§ STORED DATA:
◆ ◆ ◆ ◆ ◆ ◆ ◆

Lemma sbcm_JP_diag_gt0 a : 0 < gam ->
    (forall j, e (enum_val a) j -> 1 / (2 * gam) <
       (1 - sig_w gam del (x (enum_val a)) (x j)) * (x j - x (enum_val a)) ^+ 2) ->
  0 < sbcm_JP e Z gam del x a a.
Proof.
move=> gam_gt0 hyp.
rewrite sbcm_JPE laplacian_diag divr_gt0 ?nbr_weight_gt0 ?enum_val_setC //.
have c_lt0 k : e (enum_val a) k -> c (enum_val a) k < 0.
  by move=> ak; rewrite /edge_fun ak mul1r dflux_lt0 // -sig_wE hyp.
have [j aj] := has_nbr _ (enum_val_setC Z a).
have ja : j != enum_val a by apply: contraTneq aj => ->; rewrite e_irr.
have c_le0 k : c (enum_val a) k <= 0.
  case: (boolP (e (enum_val a) k)) => [/c_lt0/ltW //|/negbTE nak].
  by rewrite /edge_fun nak mul0r.
rewrite oppr_gt0 (bigD1 j) //= -[ltRHS]addr0 ltr_leD ?c_lt0 //.
by apply: sumr_le0 => k _; apply: c_le0.
Qed.

End SteadyState.

Theorem proposition1 (R : realType) (T : finType) (e : rel T) (Z : {set T})
  (gam del : R) (x : T -> R) :
  symmetric e -> irreflexive e ->
  (forall i, i \notin Z -> exists j, e i j) ->
  0 < gam -> 0 <= del ->
  steady_state e Z gam del x ->
  (exists i, i \notin Z /\
     forall j, e i j ->
       (1 - sig_w gam del (x i) (x j)) * (x j - x i) ^+ 2 > 1 / (2 * gam)) ->
  (exists2 lam : R, 0 < lam & eigenvalue (sbcm_JP e Z gam del x) lam) /\
  (exists2 lam : R, 0 < lam & eigenvalue (sbcm_J e Z gam del x) lam).
Proof.
move=> e_sym e_irr has_nbr gam_gt0 _ steady [i [iZ hyp]].
have iP : i \in ~: Z by rewrite inE.
pose d := \row_a nbr_sum e (sig_kernel gam del) x (enum_val (A := ~: Z) a).
have dE a : d 0 a = nbr_sum e (sig_kernel gam del) x (enum_val a) by rewrite mxE.
have [lam lam_gt0 eigJP] : exists2 lam, 0 < lam & eigenvalue (sbcm_JP e Z gam del x) lam.
  apply: (symmetrizable_eigenvalue_gt0 _ d (enum_rank_in iP i)).
  - by move=> a; rewrite dE (nbr_weight_gt0 has_nbr) ?enum_val_setC.
  - by move=> a b; rewrite !dE (sbcm_JP_symmetrizable e_sym has_nbr steady).
  - by apply: (sbcm_JP_diag_gt0 e_irr has_nbr steady) => //; rewrite enum_rankK_in.
split; exists lam => //.
apply: (eigenvalue_lift_zero_rows (~: Z) (sbcm_partial e Z gam del x)) => //.
- by move=> t q; rewrite inE negbK; exact: sbcm_partial_zealot.
- exact: lt0r_neq0.
Qed.
(* Let $\Theta=\{\theta_1,\dots,\theta_N\}$ be a finite set of $N\ge 1$ distinct elements, and let $PES(\Theta)=\{A_{ij} : i=0,\dots,N;\ j=1,\dots,P(N,i)\}$ be its permutation event space, where $P(N,i)=\frac{N!}{(N-i)!}$. For $i\ge 0$ let $F(i)=\sum_{k=0}^{i}P(i,k)=\sum_{k=0}^{i}\frac{i!}{(i-k)!}$, and set $S=\sum_{i=1}^{N}P(N,i)\,(F(i)-1)$. Consider the entropy $$H_{RPS}(\mathscr{M})=-\sum_{i=1}^{N}\sum_{j=1}^{P(N,i)}\mathscr{M}(A_{ij})\log\left(\frac{\mathscr{M}(A_{ij})}{F(i)-1}\right)$$ as a function on the set of all permutation mass functions $\mathscr{M}$ on $PES(\Theta)$. Then $H_{RPS}(\mathscr{M})$ attains its maximum value if and only if $$\mathscr{M}(A_{ij})=\frac{F(i)-1}{S}\quad\text{for all } i=1,\dots,N,\ j=1,\dots,P(N,i).$$
   Context: The permutation event space $PES(\Theta)$ is the set of all ordered tuples of distinct elements of $\Theta$ (including the empty tuple $\emptyset=A_{01}$): for each $i\in\{0,\dots,N\}$, the tuples of length $i$ are enumerated as $A_{i1},\dots,A_{i,P(N,i)}$, e.g. for $\Theta=\{\theta_1,\theta_2\}$, $PES(\Theta)=\{\emptyset,(\theta_1),(\theta_2),(\theta_1,\theta_2),(\theta_2,\theta_1)\}$. A permutation mass function (PMF) is a map $\mathscr{M}:PES(\Theta)\to[0,1]$ with $\mathscr{M}(\emptyset)=0$ and $\sum_{A\in PES(\Theta)}\mathscr{M}(A)=1$. The logarithm has a fixed base $b>1$, and the convention $0\log 0=0$ is used. *)

From HB Require Import structures.
From mathcomp Require Import all_boot all_order all_algebra.
From mathcomp Require Import reals exp.
Set Implicit Arguments. Unset Strict Implicit. Unset Printing Implicit Defensive.
Import Order.TTheory GRing.Theory Num.Theory.
Local Open Scope ring_scope.

(* Permutation event space of a finite set T (with N = #|T|):
   all ordered tuples of distinct elements of T, of every length i = 0..N. *)
Definition PES (T : finType) : finType :=
  {i : 'I_(#|T|).+1 & {t : i.-tuple T | uniq t}}.

Definition pes_len (T : finType) (a : PES T) : nat := nat_of_ord (tag a).

Definition Pnk (n k : nat) : nat := n ^_ k.
Definition Fi (i : nat) : nat := (\sum_(k < i.+1) Pnk i k)%N.
Definition Ssum (N : nat) : nat := (\sum_(1 <= i < N.+1) Pnk N i * (Fi i - 1))%N.

Definition logb (R : realType) (b x : R) : R := ln x / ln b.

Definition is_PMF (R : realType) (T : finType) (M : PES T -> R) : Prop :=
  [/\ forall a, 0 <= M a <= 1,
      forall a, pes_len a = 0%N -> M a = 0
    & \sum_(a : PES T) M a = 1].

(* H_RPS, with the convention 0 log 0 = 0 made explicit *)
Definition H_RPS (R : realType) (b : R) (T : finType) (M : PES T -> R) : R :=
  - \sum_(a : PES T | (0 < pes_len a)%N)
      (if M a == 0 then 0
       else M a * logb b (M a / ((Fi (pes_len a))%:R - 1))).

From HB Require Import structures.
From mathcomp Require Import all_boot all_order all_algebra.
From mathcomp Require Import reals exp.
From mathcomp Require Import ring lra zify.
Import Order.TTheory GRing.Theory Num.Theory.
Local Open Scope ring_scope.

(* With weights w(a) = F(|a|) - 1, whose sum over the nonempty events is S,
   ln b * H_RPS(M) = ln S + \sum_a M(a) ln (q(a) / M(a)) for q(a) = w(a) / S.
   By Gibbs' inequality (from ln x <= x - 1, with equality iff x = 1) the sum
   is at most 0, with equality iff M = q; so ln S / ln b is the maximum of
   H_RPS and it is attained exactly at q. *)

Section Gibbs.
Context {R : realType}.

Lemma ln_leif {x : R} : 0 < x -> ln x <= x - 1 ?= iff (x == 1).
Proof.
move=> x_gt0; split.
  by have := @le_ln1Dx R (x - 1); rewrite [1 + _]addrC subrK; apply; lra.
have [->|x_neq1] := eqVneq x 1; first by rewrite ln1 subrr eqxx.
have := @expR_gt1Dx R (ln x); rewrite lnK ?posrE // ln_eq0 // => /(_ x_neq1).
by move=> lt_x; rewrite lt_eqF //; lra.
Qed.

Definition xln_ratio (p q : R) : R := if p == 0 then 0 else p * ln (q / p).

Lemma xln_ratio_leif (p q : R) :
  0 <= p -> 0 < q -> xln_ratio p q <= q - p ?= iff (p == q).
Proof.
rewrite /xln_ratio; have [-> _ q_gt0|p_neq0 p_ge0 q_gt0] := eqVneq p 0.
  by rewrite subr0; split; [exact: ltW|].
have p_gt0 : 0 < p by rewrite lt0r p_neq0.
have := ln_leif (divr_gt0 q_gt0 p_gt0).
rewrite -(mono_leif (ler_pM2l p_gt0)) mulrBr mulr1 mulrCA divff // mulr1.
by rewrite -(inj_eq (mulIf p_neq0)) mul1r divfK // eq_sym.
Qed.

Lemma gibbs_leif (I : finType) (P : pred I) (p q : I -> R) :
    (forall i, P i -> 0 <= p i) -> (forall i, P i -> 0 < q i) ->
    \sum_(i | P i) p i = \sum_(i | P i) q i ->
  \sum_(i | P i) xln_ratio (p i) (q i) <= 0 ?= iff [forall (i | P i), p i == q i].
Proof.
move=> p_ge0 q_gt0 sum_pq.
suff : \sum_(i | P i) xln_ratio (p i) (q i) <= \sum_(i | P i) (q i - p i)
         ?= iff [forall (i | P i), p i == q i] by rewrite sumrB sum_pq subrr.
by apply: leif_sum => i Pi; apply: xln_ratio_leif; auto.
Qed.

End Gibbs.

Section PermutationEventSpace.
Context {T : finType}.
Local Notation N := #|T|.

Lemma card_PES_tag (i : 'I_N.+1) : #|[pred a : PES T | tag a == i]| = N ^_ i.
Proof.
pose tag_i (t : {t : i.-tuple T | uniq t}) : PES T := Tagged _ t.
have tag_i_inj : injective tag_i by move=> t t'; apply: eq_from_Tagged.
have -> : #|[pred a : PES T | tag a == i]| = #|tag_i @: predT|.
  apply: eq_card => a; rewrite inE /=; apply/idP/imsetP => [|[t _ ->]] //.
  by case: a => j t /= /eqP Eji; subst j; exists t.
rewrite (card_imset predT tag_i_inj) card_sig -card_uniq_tuples.
by apply: eq_card => t; rewrite !inE all_predT.
Qed.

Lemma sum_PES_len (V : nmodType) (f : nat -> V) :
  \sum_(a : PES T) f (pes_len a) = \sum_(i < N.+1) f i *+ N ^_ i.
Proof.
rewrite (partition_big (fun a : PES T => tag a) predT) //=.
apply: eq_bigr => i _; rewrite -card_PES_tag -sumr_const.
by apply: eq_big => // a /eqP <-.
Qed.

Lemma Fi_ge2 (i : nat) : (0 < i)%N -> (2 <= Fi i)%N.
Proof.
case: i => // i _; rewrite /Fi big_ord_recl big_ord_recl /Pnk /= ffactn0 ffactn1.
lia.
Qed.

Lemma Ssum_gt0 : (0 < N)%N -> (0 < Ssum N)%N.
Proof.
by move=> N_gt0; rewrite /Ssum big_ltn // /Pnk ffactn1; have := Fi_ge2 1 isT; nia.
Qed.

Context {R : realType}.

Definition pes_weight (a : PES T) : R := (Fi (pes_len a))%:R - 1.

Lemma pes_weight_gt0 {a : PES T} : (0 < pes_len a)%N -> 0 < pes_weight a.
Proof. by move/Fi_ge2; rewrite /pes_weight -(ler_nat R) => ?; lra. Qed.

Lemma sum_pes_weight :
  \sum_(a : PES T | (0 < pes_len a)%N) pes_weight a = (Ssum N)%:R.
Proof.
pose w (i : nat) : R := if (0 < i)%N then (Fi i)%:R - 1 else 0.
rewrite big_mkcond (eq_bigr (fun a => w (pes_len a))) // sum_PES_len.
rewrite big_ord_recl /w /= add0r /Ssum natr_sum big_add1 big_mkord /=.
apply: eq_bigr => i _; rewrite natrM natrB ?mulr_natl //.
by have := Fi_ge2 i.+1 isT; lia.
Qed.

Lemma PMF_sum_pos_len {M : PES T -> R} :
  is_PMF M -> \sum_(a : PES T | (0 < pes_len a)%N) M a = 1.
Proof.
case=> _ M_len0 <-; rewrite [RHS](bigID (fun a : PES T => (0 < pes_len a)%N)) /=.
by rewrite [X in _ = _ + X]big1 ?addr0 // => a; rewrite lt0n negbK => /eqP /M_len0.
Qed.

Lemma is_PMF_nonneg (M : PES T -> R) :
    (forall a, 0 <= M a) -> (forall a, pes_len a = 0%N -> M a = 0) ->
    \sum_(a : PES T) M a = 1 ->
  is_PMF M.
Proof.
move=> M_ge0 M_len0 sumM; split=> // a; rewrite M_ge0 -sumM (bigD1 a) //= lerDl.
exact: sumr_ge0.
Qed.

Hypothesis N_gt0 : (0 < N)%N.
Local Notation S := ((Ssum N)%:R : R).

Lemma S_gt0 : 0 < S.
Proof. by rewrite ltr0n Ssum_gt0. Qed.

Definition PMF_max (a : PES T) : R :=
  if (0 < pes_len a)%N then pes_weight a / S else 0.

Lemma is_PMF_max : is_PMF PMF_max.
Proof.
apply: is_PMF_nonneg => [a|a len0|].
- rewrite /PMF_max; case: ifP => // /pes_weight_gt0 w_gt0.
  by rewrite divr_ge0 ?ltW ?S_gt0.
- by rewrite /PMF_max len0.
- rewrite -big_mkcond /= -mulr_suml sum_pes_weight divff //.
  by rewrite gt_eqF ?S_gt0.
Qed.

Context {b : R}.
Hypothesis b_gt1 : 1 < b.

Lemma H_RPS_xln_ratio {M : PES T -> R} : is_PMF M ->
  ln b * H_RPS b M =
  ln S + \sum_(a : PES T | (0 < pes_len a)%N) xln_ratio (M a) (PMF_max a).
Proof.
move=> PMF_M; have [M01 _ _] := PMF_M; have lnb_gt0 := ln_gt0 b_gt1.
have -> : ln S = \sum_(a : PES T | (0 < pes_len a)%N) ln S * M a.
  by rewrite -mulr_sumr PMF_sum_pos_len // mulr1.
rewrite -big_split /= /H_RPS mulrN mulr_sumr -sumrN; apply: eq_bigr => a a_pos.
rewrite /xln_ratio /PMF_max a_pos; case: eqVneq => [->|M_neq0].
  by rewrite mulr0 oppr0 mulr0 addr0.
have M_gt0 : 0 < M a by rewrite lt0r M_neq0; case/andP: (M01 a).
have w_gt0 := pes_weight_gt0 a_pos; have S_pos := S_gt0.
rewrite /logb -/(pes_weight a) !ln_div ?posrE ?divr_gt0 //.
by field; rewrite gt_eqF.
Qed.

Lemma H_RPS_leif {M : PES T -> R} : is_PMF M ->
  ln b * H_RPS b M <= ln S
    ?= iff [forall (a | (0 < pes_len a)%N), M a == PMF_max a].
Proof.
move=> PMF_M; rewrite H_RPS_xln_ratio // -[X in _ <= X ?= iff _]addr0.
rewrite (mono_leif (lerD2l (ln S))); apply: gibbs_leif.
- by move=> a _; case: PMF_M => /(_ a) /andP[].
- by move=> a a_pos; rewrite /PMF_max a_pos divr_gt0 ?pes_weight_gt0 ?S_gt0.
- by rewrite !PMF_sum_pos_len //; exact: is_PMF_max.
Qed.

End PermutationEventSpace.

Theorem theorem3 (R : realType) (b : R) (T : finType)
  (hb : 1 < b) (hN : (0 < #|T|)%N) (M : PES T -> R) (hM : is_PMF M) :
  (forall M' : PES T -> R, is_PMF M' -> H_RPS b M' <= H_RPS b M) <->
  (forall a : PES T, (1 <= pes_len a)%N ->
     M a = ((Fi (pes_len a))%:R - 1) / (Ssum #|T|)%:R).
Proof.
have lnb_gt0 := ln_gt0 hb.
have H_max : ln b * H_RPS b (PMF_max : PES T -> R) = ln (Ssum #|T|)%:R.
  apply: eqTleif (H_RPS_leif hN hb (is_PMF_max hN)) _.
  by apply/forall_inP => a _.
have [H_le H_eq] := H_RPS_leif hN hb hM.
split=> [maxM a a_pos | M_eq M' PMF_M'].
- have := maxM _ (is_PMF_max hN); rewrite -(ler_pM2l lnb_gt0) H_max => H_ge.
  move: H_eq; rewrite eq_le H_le H_ge => /esym/forall_inP/(_ a a_pos)/eqP.
  by rewrite /PMF_max a_pos.
- rewrite -(ler_pM2l lnb_gt0) (eqTleif (H_RPS_leif hN hb hM)).
    exact: (H_RPS_leif hN hb PMF_M').1.
  by apply/forall_inP => a a_pos; rewrite M_eq // /PMF_max a_pos.
Qed.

◆ ◆ ◆ ◆ ◆ ◆ ◆

§ TO DO: Retype the portion of the data above that starts on the line with "symmetric e -> irreflexive e ->" and finishes on the line with "have dE a : d", including both of those lines.

§ FINISHED TASK:
  symmetric e -> irreflexive e ->
  (forall i, i \notin Z -> exists j, e i j) ->
  0 < gam -> 0 <= del ->
  steady_state e Z gam del x ->
  (exists i, i \notin Z /\
     forall j, e i j ->
       (1 - sig_w gam del (x i) (x j)) * (x j - x i) ^+ 2 > 1 / (2 * gam)) ->
  (exists2 lam : R, 0 < lam & eigenvalue (sbcm_JP e Z gam del x) lam) /\
  (exists2 lam : R, 0 < lam & eigenvalue (sbcm_J e Z gam del x) lam).
Proof.
move=> e_sym e_irr has_nbr gam_gt0 _ steady [i [iZ hyp]].
have iP : i \in ~: Z by rewrite inE.
pose d := \row_a nbr_sum e (sig_kernel gam del) x (enum_val (A := ~: Z) a).
have dE a : d 0 a = nbr_sum e (sig_kernel gam del) x (enum_val a) by rewrite mxE.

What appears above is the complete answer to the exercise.